From: Determinants of uptake of hepatitis B testing and healthcare access by migrant Chinese in the England: a qualitative study

Themes Definitions Sample quotes
Health system issues Incentives, roles and responsibilities for providing hepatitis B-related services “Then it comes to something like hepatitis screening. Good evidence for it in my opinion. Very logical to do. (But) there are all sorts of perverse incentives in the health system: so you are not paid (to test), there is no reward for being good at doing it … It costs you to do it, it takes time to do it, it’s hard to do it, it uses (hospital) referrals and actually is one of the areas where very often people are often over followed-up …” (Clinician interviewee, general practitioner)

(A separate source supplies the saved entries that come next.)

(* Let $G=(V,\Sigma,R,S)$ be a context-free grammar in Greibach Normal Form. For all $t,u\in\Sigma^*$: if $D_G(t)=D_G(u)$, then $t\equiv_{L(G)}u$.
   Context: A context-free grammar $G=(V,\Sigma,R,S)$ in Greibach Normal Form has every production of the form $S\to\epsilon$ or $A\to a\,\beta$ with $a\in\Sigma$, $\beta\in(V\setminus\{S\})^*$; $L(G)$ is its language. Let $\delta_G(a,A)=\{\beta\in V^*:(A\to a\,\beta)\in R\}$. Define $\pi:\Sigma^*\times V^*\to\mathcal{P}(V^* )$ recursively by $\pi(t,\alpha)=\{\alpha\}$ if $t=\epsilon$; $\pi(t,\alpha)=\emptyset$ if $t\neq\epsilon$ and $\alpha=\epsilon$; and otherwise $\pi(t,\alpha)=\bigcup_{\beta\in\delta_G(t_0,\alpha_0)}\pi(t_{1:},\beta\alpha_{1:})$, where $t_0$ is the first character of $t$, $t_{1:}$ the rest of $t$, $\alpha_0$ the first symbol of $\alpha$ and $\alpha_{1:}$ the rest of $\alpha$. The pre-displacement of $t\in\Sigma^*$ is $D_G(t)=\{(\alpha,\beta):\alpha\in V^*,\ \beta\in\pi(t,\alpha)\}$. Syntactic congruence: $t\equiv_{L(G)}u$ iff for all $w,z\in\Sigma^*$, $wtz\in L(G)\leftrightarrow wuz\in L(G)$. *)

From mathcomp Require Import all_boot.
From Stdlib Require Import Relations.
Set Implicit Arguments. Unset Strict Implicit. Unset Printing Implicit Defensive.

(* A rule A -> gamma with gamma a string over
   V + Sigma (nonterminals are [inl], terminals are [inr]). *)
Record cfg (V Sigma : finType) := CFG {
  start : V;
  rules : seq (V * seq (V + Sigma))
}.

Section Grammar.
Variables (V Sigma : finType) (G : cfg V Sigma).

Inductive step : seq (V + Sigma) -> seq (V + Sigma) -> Prop :=
| Step (x y : seq (V + Sigma)) (A : V) (g : seq (V + Sigma)) :
    (A, g) \in rules G -> step (x ++ inl A :: y) (x ++ g ++ y).

Definition derives := clos_refl_trans _ step.

Definition lang (w : seq Sigma) : Prop :=
  derives [:: inl (start G)] (map inr w).

Definition GNF : Prop :=
  forall r, r \in rules G ->
    (r = (start G, [::])) \/
    exists (a : Sigma) (beta : seq V),
      r.2 = inr a :: map inl beta /\ start G \notin beta.

Definition delta (a : Sigma) (A : V) (beta : seq V) : Prop :=
  (A, inr a :: map inl beta) \in rules G.

Fixpoint pi (t : seq Sigma) (alpha : seq V) : seq V -> Prop :=
  match t with
  | [::] => fun g => g = alpha
  | a :: t' =>
      match alpha with
      | [::] => fun _ => False
      | A :: alpha' => fun g => exists beta, delta a A beta /\ pi t' (beta ++ alpha') g
      end
  end.

Definition predisp (t : seq Sigma) : seq V * seq V -> Prop :=
  fun p => pi t p.1 p.2.

End Grammar.

Definition synt_cong (Sigma : Type) (L : seq Sigma -> Prop) (t u : seq Sigma) : Prop :=
  forall w z : seq Sigma, L (w ++ t ++ z) <-> L (w ++ u ++ z).

From Pilot Require Import Defs.
From mathcomp Require Import all_boot.
From Stdlib Require Import Relations Setoid.
Set Implicit Arguments. Unset Strict Implicit. Unset Printing Implicit Defensive.

(* In Greibach Normal Form a derivation of a terminal word w from S is, read
   leftmost, a run of a pushdown automaton whose stack holds nonterminals and
   which reads one letter per rule: w is in L(G) iff w is empty and S -> eps
   is a rule, or pi(w, S) contains the empty stack (S never reappears, so
   S -> eps cannot fire later).  Since pi(x y, alpha) = pi(y, pi(x, alpha)),
   pi(w t z, .) is determined by the relation D_G(t), hence so is membership
   of w t z in L(G); the empty-word case is covered too, since w t z is empty
   iff eps is in pi(w t z, eps). *)

Section Derivations.
Variables (V Sigma : finType) (G : cfg V Sigma).
Local Notation pi := (Defs.pi G).

(* Derivation trees: unlike [derives], they forget the order of the steps. *)
Inductive produces : seq (V + Sigma) -> seq Sigma -> Prop :=
| produces_nil : produces [::] [::]
| produces_term a s w : produces s w -> produces (inr a :: s) (a :: w)
| produces_rule A g s w1 w2 : (A, g) \in rules G -> produces g w1 ->
    produces s w2 -> produces (inl A :: s) (w1 ++ w2).

Lemma produces_cat x y w1 w2 :
  produces x w1 -> produces y w2 -> produces (x ++ y) (w1 ++ w2).
Proof.
elim=> [|a s w _ IH|A g s v1 v2 Hr Hg _ _ IH] Hy //=.
- by constructor; apply: IH.
- by rewrite -catA; apply: produces_rule Hr Hg _; apply: IH.
Qed.

Lemma produces_catP x y w : produces (x ++ y) w ->
  exists w1 w2, [/\ w = w1 ++ w2, produces x w1 & produces y w2].
Proof.
elim: x w => [|c x IH] w /= H; first by exists [::], w; split=> //; constructor.
inversion H as [|a s v Hs|A g s v1 v2 Hr Hg Hs]; subst.
- have [w1 [w2 [-> Hx Hy]]] := IH _ Hs.
  by exists (a :: w1), w2; split=> //; constructor.
- have [w1 [w2 [-> Hx Hy]]] := IH _ Hs.
  exists (v1 ++ w1), w2; split=> //; first by rewrite catA.
  exact: produces_rule Hr Hg Hx.
Qed.

Lemma produces_terminals w : produces (map inr w) w.
Proof. by elim: w => [|a w IH]; constructor. Qed.

Lemma step_produces x y w : step G x y -> produces y w -> produces x w.
Proof.
case=> p q A g Hr /produces_catP [w1 [r [-> H1 /produces_catP [w2 [w3 [-> H2 H3]]]]]].
by apply: produces_cat H1 _; apply: produces_rule Hr H2 H3.
Qed.

Lemma derives_ctx p q x y :
  derives G x y -> derives G (p ++ x ++ q) (p ++ y ++ q).
Proof.
elim=> [_ _ [x' y' A g Hr]|x'|x' y' z' _ IHxy _ IHyz].
- apply: rt_step; have := Step (p ++ x') (y' ++ q) Hr.
  by rewrite -!catA.
- exact: rt_refl.
- exact: rt_trans IHxy IHyz.
Qed.

Lemma produces_derives s w : produces s w -> derives G s (map inr w).
Proof.
elim=> [|a s' w' _ IH|A g s' w1 w2 Hr _ IHg _ IHs].
- exact: rt_refl.
- by have := derives_ctx [:: inr a] [::] IH; rewrite !cats0.
- apply: rt_trans (_ : derives G _ (g ++ s')) _.
    by apply: rt_step; apply: (Step [::]).
  apply: rt_trans (derives_ctx [::] s' IHg) _.
  by rewrite map_cat; have := derives_ctx (map inr w1) [::] IHs; rewrite !cats0.
Qed.

Lemma derives_terminalsP s w : derives G s (map inr w) <-> produces s w.
Proof.
split; last exact: produces_derives.
move=> H; apply clos_rt_rt1n in H; move Ew: (map inr w) H => t H.
elim: H Ew => [_ <-|x y z Hs _ IH Ew]; first exact: produces_terminals.
exact: step_produces Hs (IH Ew).
Qed.

Lemma pi_cat x y alpha gamma :
  pi (x ++ y) alpha gamma <-> exists beta, pi x alpha beta /\ pi y beta gamma.
Proof.
elim: x alpha => [|a x IH] alpha /=; first by split=> [H|[b [-> H]]] //; exists alpha.
case: alpha => [|A alpha] /=; first by split=> [[]|[b [[] _]]].
split.
- by move=> [be [Hd /IH [b [H1 H2]]]]; exists b; split=> //; exists be.
- by move=> [b [[be [Hd H1]] H2]]; exists be; split=> //; apply/IH; exists b.
Qed.

Lemma pi_nil_nil t : pi t [::] [::] <-> t = [::].
Proof. by case: t. Qed.

Lemma pi_congr t u : (forall alpha gamma, pi t alpha gamma <-> pi u alpha gamma) ->
  forall w z alpha gamma, pi (w ++ t ++ z) alpha gamma <-> pi (w ++ u ++ z) alpha gamma.
Proof.
move=> Etu w z alpha gamma.
by split=> /pi_cat [b [Hw /pi_cat [c [/Etu Ht Hz]]]];
  apply/pi_cat; exists b; split=> //; apply/pi_cat; exists c.
Qed.

Lemma pi_produces w alpha : pi w alpha [::] -> produces (map inl alpha) w.
Proof.
elim: w alpha => [|a w IH] [|A alpha] //= => [_|[be [Hd /IH]]]; first by constructor.
rewrite map_cat => /produces_catP [w1 [w2 [-> H1 H2]]].
by rewrite -cat_cons; apply: produces_rule Hd _ H2; constructor.
Qed.

Hypothesis HG : GNF G.

(* Induction on the length of w: unfolding the rule for the first nonterminal
   pushes its right-hand side onto the stack, which is not a subderivation. *)
Lemma produces_pi w alpha : start G \notin alpha ->
  produces (map inl alpha) w -> pi w alpha [::].
Proof.
elim: (size w).+1 {-2}w alpha (ltnSn (size w)) => // n IH {}w [|A alpha] Hw HS H;
  inversion H as [| |B g s w1 w2 Hr Hg Hs]; subst => //=.
rewrite in_cons negb_or in HS; case/andP: HS => HA HS.
case: (HG Hr) => /= [[EA _]|[a [be [Eg Hbe]]]]; first by rewrite EA eqxx in HA.
subst g; inversion Hg; subst.
exists be; split=> //; apply: IH; last by rewrite map_cat; apply: produces_cat.
- by move: Hw; rewrite /= !size_cat.
- by rewrite mem_cat negb_or Hbe.
Qed.

Lemma langP w : lang G w <->
  (w = [::] /\ (start G, [::]) \in rules G) \/ pi w [:: start G] [::].
Proof.
rewrite /lang derives_terminalsP; split.
- move=> H; inversion H as [| |A g s w1 w2 Hr Hg Hs]; subst.
  inversion Hs; subst; rewrite cats0.
  case: (HG Hr) => /= [[Eg]|[a [be [Eg Hbe]]]]; subst g; inversion Hg; subst.
    by left.
  right; exists be; split=> //; rewrite cats0.
  exact: produces_pi.
- case=> [[-> Hr]|/pi_produces //].
  exact: produces_rule Hr produces_nil produces_nil.
Qed.

End Derivations.

Theorem lemma3 (V Sigma : finType) (G : cfg V Sigma) :
  GNF G ->
  forall t u : seq Sigma, predisp G t = predisp G u -> synt_cong (lang G) t u.
Proof.
move=> HG t u Etu.
have Epi alpha gamma : Defs.pi G t alpha gamma <-> Defs.pi G u alpha gamma.
  by rewrite -/(predisp G t (alpha, gamma)) Etu.
move=> w z; rewrite !(langP HG) -!(@pi_nil_nil _ _ G).
by rewrite !(pi_congr Epi w z).
Qed.
Lemma injective_constant s V P : uniq (s :: V) -> (2 <= size V)%N ->
  depends_on P (s :: V) -> Rdefinable R P ->
  (forall W Q, uniq W -> (size W < size (s :: V))%N -> depends_on Q W -> Rdefinable R Q ->
     eq_invariant Q W) ->
  forall x, inj_on x (s :: V) -> (P x <-> P Munit).
Proof.
move=> uV sizeV depP defP IH x xinj.
have [G invP] := Rdefinable_ratio_invariant defR depP defP.
move: (uV); rewrite cons_uniq => /andP[sV uV'].
have Vs k : k \in V -> k != s by move=> kV; apply: contraNneq sV => <-.
have sVk k : k \in V -> k \in s :: V by rewrite inE => ->; rewrite orbT.
apply: NNPP => nPx; set c := ~ P Munit.
have eqQ : eq_invariant (avoid_ex s V (fun z => P z <-> c)) V.
  apply: IH uV' (ltnSn _) (depends_on_avoid_ex (depends_on_iff c depP)) _.
  exact: Rdefinable_avoid_ex sV (Rdefinable_iff c defP).
have [y [yV Py]] : avoid_ex s V (fun z => P z <-> c) Munit.
  apply/(eqQ x); first exact: inj_on_eq_iff (inj_on_cons xinj) (@Munit_inj_on V).
  exists (x s); rewrite upd_same; split; last exact: not_iff_iff_not.
  move=> k kV /(xinj s k (mem_head _ _) (sVk k kV)) sk.
  by move: (Vs k kV); rewrite sk eqxx.
have [k0 y_axis] := on_axis_of_flip invP Py.
have [t tV tk0] := exists_mem_neq k0 uV' sizeV.
set u := upd Munit s y; have u_inj : inj_on u (s :: V) := inj_on_upd_Munit yV.
have invF : eq_invariant (at_fresh G (s :: V) t P) [seq v <- s :: V | v != t].
  apply: IH (filter_uniq _ uV) (size_filter_neq_lt (sVk t tV)) _ _.
    exact: depends_on_at_fresh.
  exact: Rdefinable_at_fresh depP defP invP (sVk t tV).
have Fu : at_fresh G (s :: V) t P u <-> P u.
  apply: at_fresh_Munit invP _ _; first by rewrite /u upd_neq ?Vs.
  move=> j _ jt; rewrite /u /upd; case: eqP => _; first exact: y_axis t tk0.
  by rewrite Mseq_unit eq_sym (negbTE jt).
have Fg : at_fresh G (s :: V) t P Munit <-> P Munit.
  apply: at_fresh_Munit invP erefl _ => j _ jt.
  by rewrite Mseq_unit eq_sym (negbTE jt).
have : P u <-> P Munit.
  rewrite -Fu -Fg; apply: invF => i j; rewrite !mem_filter => /andP[_ iV] /andP[_ jV].
  exact: inj_on_eq_iff u_inj (@Munit_inj_on _) i j iV jV.
by move: Py; rewrite /c; tauto.
Qed.

Lemma inj_on_constant V P : uniq V -> depends_on P V -> Rdefinable R P ->
  (forall W Q, uniq W -> (size W < size V)%N -> depends_on Q W -> Rdefinable R Q ->
     eq_invariant Q W) ->
  forall x x', inj_on x V -> inj_on x' V -> (P x <-> P x').
Proof.
case: V => [|s [|k [|l V]]] uV depP defP IH x x' ix ix'.
- by apply: depP => i; rewrite in_nil.
- exact: unary_constant depP defP x x'.
- have sk : s != k by move: uV; rewrite /= inE andbT.
  have [c Pc] := binary_constant sk depP defP.
  have neq z : inj_on z [:: s; k] -> z s <> z k.
    move=> iz /(iz s k); rewrite !inE !eqxx orbT => /(_ isT isT) /eqP.
    by rewrite (negbTE sk).
  by rewrite (Pc x) ?(Pc x') //; exact: neq.
- by rewrite (injective_constant uV _ depP defP IH ix) // (injective_constant uV _ depP defP IH ix').
Qed.

Lemma eq_invariant_merge V P i j e e' : uniq V -> depends_on P V -> Rdefinable R P ->
  (forall W Q, uniq W -> (size W < size V)%N -> depends_on Q W -> Rdefinable R Q ->
     eq_invariant Q W) ->
  i \in V -> j \in V -> i != j -> e i = e j ->
  (forall a b, a \in V -> b \in V -> (e a = e b <-> e' a = e' b)) -> (P e <-> P e').
Proof.
move=> uV depP defP IH iV jV ij eij Ee.
pose P' x := P (upd x j (x i)).
have iW : i \in [seq v <- V | v != j] by rewrite mem_filter ij iV.
have depP' : depends_on P' [seq v <- V | v != j].
  move=> x x' E; apply: depP => v vV; rewrite /upd; case: eqVneq => [_|vj].
    exact: E i iW.
  by apply: E; rewrite mem_filter vj.
have invP' := IH _ P' (filter_uniq _ uV) (size_filter_neq_lt jV) depP' (Rdefinable_subst ij defP).
have e'ij : e' i = e' j by apply/(Ee i j iV jV).
have -> : P e <-> P' e by rewrite /P' eij upd_same.
have -> : P e' <-> P' e' by rewrite /P' e'ij upd_same.
by apply: invP' => a b; rewrite !mem_filter => /andP[_ aV] /andP[_ bV]; exact: Ee.
Qed.

Theorem Rdefinable_eq_invariant V P : uniq V -> depends_on P V -> Rdefinable R P ->
  eq_invariant P V.
Proof.
move Hm : (size V) => m; elim/ltn_ind: m V P Hm => m IH V P sizeV uV depP defP e e' Ee.
have IH' W Q : uniq W -> (size W < size V)%N -> depends_on Q W -> Rdefinable R Q ->
    eq_invariant Q W.
  by rewrite sizeV => uW ltW; exact: IH _ ltW W Q erefl uW.
case: (classic (exists i j, [/\ i \in V, j \in V, i != j & e i = e j])).
  by move=> [i [j [iV jV ij eij]]]; exact: eq_invariant_merge uV depP defP IH' iV jV ij eij Ee.
move=> inj_e; have ie : inj_on e V.
  by move=> i j iV jV eij; apply: NNPP => /eqP ij; apply: inj_e; exists i, j.
have ie' : inj_on e' V by move=> i j iV jV /(Ee i j iV jV); exact: ie.
exact: inj_on_constant uV depP defP IH' e e' ie ie'.
Qed.

End EqualityInvariance.

(** * Equality types *)

Fixpoint eq_pattern (ps : seq (nat * nat)) (tau : seq bool) : formula sig_eq :=
  match ps, tau with
  | (a, b) :: ps', c :: tau' =>
      FAnd (if c then FEq _ a b else FNot (FEq _ a b)) (eq_pattern ps' tau')
  | _, _ => FNot (FFalse _)
  end.

Fixpoint matches (e : nat -> M) (ps : seq (nat * nat)) (tau : seq bool) : Prop :=
  match ps, tau with
  | (a, b) :: ps', c :: tau' => (e a = e b <-> c) /\ matches e ps' tau'
  | _, _ => True
  end.

Lemma sat_eq_pattern e ps tau : sat e (eq_pattern ps tau) <-> matches e ps tau.
Proof.
elim: ps tau => [|[a b] ps IH] [|c tau] /=; try by split=> // _ [].
rewrite IH; case: c => /=; split=> -[eab m]; split=> //;
  solve [exact: (proj2 eab isT) | by split=> // /eab [] | by move/(proj1 eab)].
Qed.

Fixpoint bitseqs (L : nat) : seq (seq bool) :=
  if L is L'.+1 then map (cons true) (bitseqs L') ++ map (cons false) (bitseqs L')
  else [:: [::]].

Lemma size_bitseqs L tau : tau \in bitseqs L -> size tau = L.
Proof.
elim: L tau => [|L IH] tau /=; first by rewrite inE => /eqP->.
by rewrite mem_cat => /orP[] /mapP[t tL ->] /=; rewrite IH.
Qed.

Lemma matches_exists e ps : exists2 tau, tau \in bitseqs (size ps) & matches e ps tau.
Proof.
elim: ps => [|[a b] ps [tau taups m]] /=; first by exists [::]; rewrite ?inE.
case: (classic (e a = e b)) => eab.
  by exists (true :: tau); rewrite ?mem_cat ?map_f.
by exists (false :: tau); rewrite ?mem_cat ?map_f ?orbT //; split=> // /eab.
Qed.

Lemma matches_eq_iff e e' ps tau : size tau = size ps ->
  matches e ps tau -> matches e' ps tau ->
  forall a b, (a, b) \in ps -> (e a = e b <-> e' a = e' b).
Proof.
elim: ps tau => [|[a b] ps IH] [|c tau] //= [sz] [eab m] [e'ab m'] a' b'.
by rewrite inE => /orP[/eqP [-> ->]|abps]; [rewrite eab e'ab | exact: IH m m' a' b' abps].
Qed.

Lemma eq_pattern_disj ps (good : seq bool -> Prop) (ts : seq (seq bool)) :
  exists phi : formula sig_eq, forall e,
    sat e phi <-> exists2 tau, tau \in ts & good tau /\ matches e ps tau.
Proof.
elim: ts => [|tau ts [phi Hphi]]; first by exists (FFalse _) => e; split=> // -[].
case: (classic (good tau)) => gt.
  exists (FOr (eq_pattern ps tau) phi) => e /=; rewrite sat_eq_pattern Hphi.
  split=> [[m|[t tts gm]]|[t]]; first by exists tau; rewrite ?mem_head.
    by exists t; rewrite // inE tts orbT.
  by rewrite inE => /orP[/eqP->|tts] [gm m]; [left | right; exists t].
exists phi => e; rewrite Hphi; split=> [[t tts gm]|[t]].
  by exists t; rewrite // inE tts orbT.
by rewrite inE => /orP[/eqP->|tts] [gt' m]; [case: (gt gt') | exists t].
Qed.
(* Let $\Gamma$ be a metrized graph with $v$ vertices, and let $p\in V(\Gamma)$. Then $$2(v-2)Kf(\Gamma)=2\sum_{e_i \in E(\Gamma)} \frac{R_i}{L_i+R_i} Kf(\overline{\Gamma}_i) + 2v \sum_{e_i \in E(\Gamma)} \frac{L_i R_{a_i,p} R_{b_i,p}}{(L_i+R_i)^2}-v \sum_{e_i \in E(\Gamma)} \frac{L_i R_i^2}{(L_i+R_i)^2} + \sum_{w \in V(\Gamma)}\sum_{e_i \in E(\Gamma)} \frac{R_i}{L_i+R_i} \big(r(p_i,w)+r(q_i,w)\big),$$ where $p_i,q_i$ denote the end points of $e_i$.
   Context: A metrized graph $\Gamma$ is a finite connected graph (multiple edges and self-loops allowed) each of whose edges is identified with a closed segment of positive length, with a finite nonempty vertex set $V(\Gamma)$ containing every point of valence $\neq2$; $v=\#V(\Gamma)$, $E(\Gamma)$ its edge set, $L_i$ the length of $e_i$, $r$ the effective resistance (edges as resistors of resistance equal to length). $Kf(\Gamma)=\frac12\sum_{p,q\in V(\Gamma)}r(p,q)$. For an edge $e_i$ with end points $p_i,q_i$: if $\Gamma-e_i$ (interior deleted) is connected, $R_i$ is the effective resistance between $p_i,q_i$ in $\Gamma-e_i$, $R_{a_i,p}=\hat j_{p_i}(p,q_i)$, $R_{b_i,p}=\hat j_{q_i}(p,p_i)$ with $\hat j_z(x,y)$ the voltage function of $\Gamma-e_i$ (potential at $x$ when unit current enters at $y$ and exits at $z$, potential $0$ at $z$); if $e_i$ is a bridge, $R_{a_i,p}=0,R_{b_i,p}=R_i$ for $p$ in the component of $\Gamma-e_i$ containing $p_i$ and $R_{a_i,p}=R_i,R_{b_i,p}=0$ otherwise, with every expression in $R_i$ interpreted as its limit as $R_i\to\infty$; for a self-loop $R_i=0$. $\overline\Gamma_i$ is obtained by contracting $e_i$ to a point, with vertex set the image of $V(\Gamma)$. *)

From HB Require Import structures.
From mathcomp Require Import all_boot all_order all_algebra.
From mathcomp Require Import all_classical all_reals all_analysis.
Set Implicit Arguments. Unset Strict Implicit. Unset Printing Implicit Defensive.
Import Order.TTheory GRing.Theory Num.Theory.
Import numFieldTopology.Exports numFieldNormedType.Exports.
Local Open Scope ring_scope.

(* A metrized graph is modelled by its combinatorial model: the vertex set
   V(Gamma) is the finite type V, the edges are indexed by 'I_m, edge j has
   end points (ends j).1, (ends j).2 (self-loops and multiple edges allowed)
   and length len j.  Effective resistances between vertices of a metrized
   graph are those of the resistor network on V(Gamma) with edge j a resistor
   of resistance len j.

   Subgraphs obtained by deleting edges are handled by a predicate
   P : pred 'I_m selecting the edges kept. *)

Section MetrizedGraph.
Variables (R : realType) (V : finType) (m : nat).

Definition inc (ends : 'I_m -> V * V) (x : V) (j : 'I_m) : R :=
  ((ends j).1 == x)%:R - ((ends j).2 == x)%:R.

(* weighted Laplacian (conductance 1/len j on edge j) of the edges in P,
   indexed by V through enum_rank / enum_val *)
Definition lapmx (P : pred 'I_m) (ends : 'I_m -> V * V) (len : 'I_m -> R)
  : 'M[R]_#|V| :=
  \matrix_(a, b) \sum_(j < m | P j)
     (len j)^-1 * inc ends (enum_val a) j * inc ends (enum_val b) j.

Definition dvec (x : V) : 'rV[R]_#|V| := delta_mx 0 (enum_rank x).

(* voltage function j_z(x,y): potential at x when a unit current enters at y
   and exits at z, the potential at z being 0.  The potential phi solves the
   Kirchhoff equations phi * L = e_y - e_z (pinvmx gives a solution whenever
   one exists, e.g. when y and z are in the same connected component). *)
Definition voltage (P : pred 'I_m) (ends : 'I_m -> V * V) (len : 'I_m -> R)
  (z x y : V) : R :=
  let phi := (dvec y - dvec z) *m pinvmx (lapmx P ends len) in
  phi 0 (enum_rank x) - phi 0 (enum_rank z).

Definition eff_res P ends len (x y : V) : R := voltage P ends len y x x.

Definition kirchhoff P ends len (S : {set V}) : R :=
  2^-1 * \sum_(x in S) \sum_(y in S) eff_res P ends len x y.

Definition adj (P : pred 'I_m) (ends : 'I_m -> V * V) : rel V :=
  fun x y => [exists j : 'I_m, P j && ((ends j == (x, y)) || (ends j == (y, x)))].

Definition connected_graph (P : pred 'I_m) (ends : 'I_m -> V * V) : Prop :=
  forall x y : V, connect (adj P ends) x y.

Section Edge.
Variables (ends : 'I_m -> V * V) (len : 'I_m -> R) (i : 'I_m).

Definition pe : V := (ends i).1.
Definition qe : V := (ends i).2.

Definition del : pred 'I_m := fun j => j != i.

Definition Ri : R := eff_res del ends len pe qe.

Definition is_bridge : bool := ~~ connect (adj del ends) pe qe.

Definition Ra (p : V) : R := voltage del ends len pe p qe.
Definition Rb (p : V) : R := voltage del ends len qe p pe.

(* An expression F(R_i, R_{a_i,p}, R_{b_i,p}) attached to edge e_i; for a
   bridge it is interpreted as its limit as R_i -> +oo, with
   R_{a_i,p} = 0, R_{b_i,p} = R_i if p is in the component of Gamma - e_i
   containing p_i, and R_{a_i,p} = R_i, R_{b_i,p} = 0 otherwise. *)
Definition edge_expr (p : V) (F : R -> R -> R -> R) : R :=
  if is_bridge then
    let inPc := connect (adj del ends) pe p in
    lim ((F r (if inPc then 0 else r) (if inPc then r else 0)) @[r --> +oo%R])%classic
  else F Ri (Ra p) (Rb p).

(* contraction of e_i: q_i is identified with p_i; the vertex set is the image
   of V(Gamma); e_i itself is removed (for a self-loop this is exactly
   contracting the loop to a point) *)
Definition cmap (x : V) : V := if x == qe then pe else x.
Definition cends : 'I_m -> V * V := fun j => (cmap (ends j).1, cmap (ends j).2).
Definition cverts : {set V} := cmap @: [set: V].

Definition Kf_contr : R := kirchhoff del cends len cverts.

End Edge.
End MetrizedGraph.

From HB Require Import structures.
From mathcomp Require Import all_boot all_order all_algebra.
From mathcomp Require Import all_classical all_reals all_analysis.
From mathcomp Require Import ring lra.
Set Implicit Arguments. Unset Strict Implicit. Unset Printing Implicit Defensive.
Import Order.TTheory GRing.Theory Num.Theory.
Import numFieldTopology.Exports numFieldNormedType.Exports.
Local Open Scope ring_scope.

(* Let G be the Green's function of the Laplacian L, i.e. the Moore-Penrose
   inverse (L + J/n)^-1 - J/n, so that r(x,y) = G(x,x) + G(y,y) - 2 G(x,y) and
   Kf = n tr G.  For an edge e_i = [a,b] let g_i = G(a,.) - G(b,.), the
   potential of a unit current from a to b, and rho_i = g_i(a) - g_i(b) = r(a,b).
   Deleting e_i changes L by a rank-one matrix, which gives
   R_i/(L_i+R_i) = rho_i/L_i,  L_i R_{a_i,p} R_{b_i,p}/(L_i+R_i)^2
   = (g_i(a)-g_i(p))(g_i(p)-g_i(b))/L_i  and  L_i R_i^2/(L_i+R_i)^2 = rho_i^2/L_i,
   also in the limit R_i -> oo for a bridge, where rho_i = L_i.  Contracting
   e_i gives r'(x,y) = r(x,y) - (g_i(x)-g_i(y))^2/rho_i.  Every edge term is
   thus a polynomial in G, and the three identities
   sum_i rho_i/L_i = n - 1 (Foster),  sum_i sum_x g_i(x)^2/L_i = tr G  and
   sum_i g_i(p)(g_i(a)+g_i(b)-g_i(p))/L_i = -tr G/n
   collapse the right-hand side to 2(n-2) n tr G. *)

Section Limits.
Variable R : realType.
Local Open Scope classical_set_scope.

Lemma cvg_inv_addl_pinfty (L : R) : (L + r)^-1 @[r --> +oo] --> (0 : R).
Proof.
apply/(@gtr0_cvgV0 R R +oo _ (fun r => L + r)); last exact: cvg_addrl.
near=> r; rewrite -ltrBlDl sub0r; near: r; apply: nbhs_pinfty_gt; exact: num_real.
Unshelve. all: end_near.
Qed.

Lemma cvg_ratio_addl_pinfty (L : R) : r / (L + r) @[r --> +oo] --> (1 : R).
Proof.
have H : 1 - L * (L + r)^-1 @[r --> +oo] --> (1 - L * 0 : R).
  by apply: cvgB; [exact: cvg_cst | apply: cvgMl_tmp; exact: cvg_inv_addl_pinfty].
rewrite mulr0 subr0 in H; apply: cvg_trans H; apply: near_eq_cvg; near=> r.
have Lr_neq0 : L + r != 0.
  apply: lt0r_neq0; rewrite -ltrBlDl sub0r; near: r.
  apply: nbhs_pinfty_gt; exact: num_real.
by rewrite /=; field.
Unshelve. all: end_near.
Qed.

  How one navigates the health system “Maybe they have no understanding of the NHS system. Maybe they are new to this country. I mean if somebody said to me we want you to go to Bulgaria and sort yourself out a Hep B test, what the hell would I do? … that’s what we are trying to do here and that’s difficult.” (Commissioner interviewee, local commissioning manager)
  How accessible are health services “Getting to see a doctor is harder than getting to meet an emperor.” (Community focus group) 
  “They (the doctors) always sound as if you are making a mountain out of a molehill. They make you feel that you just don’t need to come. So I try not to bother my GP unless it is really serious...” (Community focus group)
  Whether services are tailored to the community “I think the problem is that at the moment I don’t think services are particularly commissioned to take into account different ethnic groups or different areas of need.” (Commissioner interviewee, regional public health director) 
  “Going out into communities is definitely the way forward for certain groups because … they wouldn’t (come in). Obviously language is a barrier and stigma. They don’t like to come into hospital.” (Commissioner interviewee, local commissioning manager) 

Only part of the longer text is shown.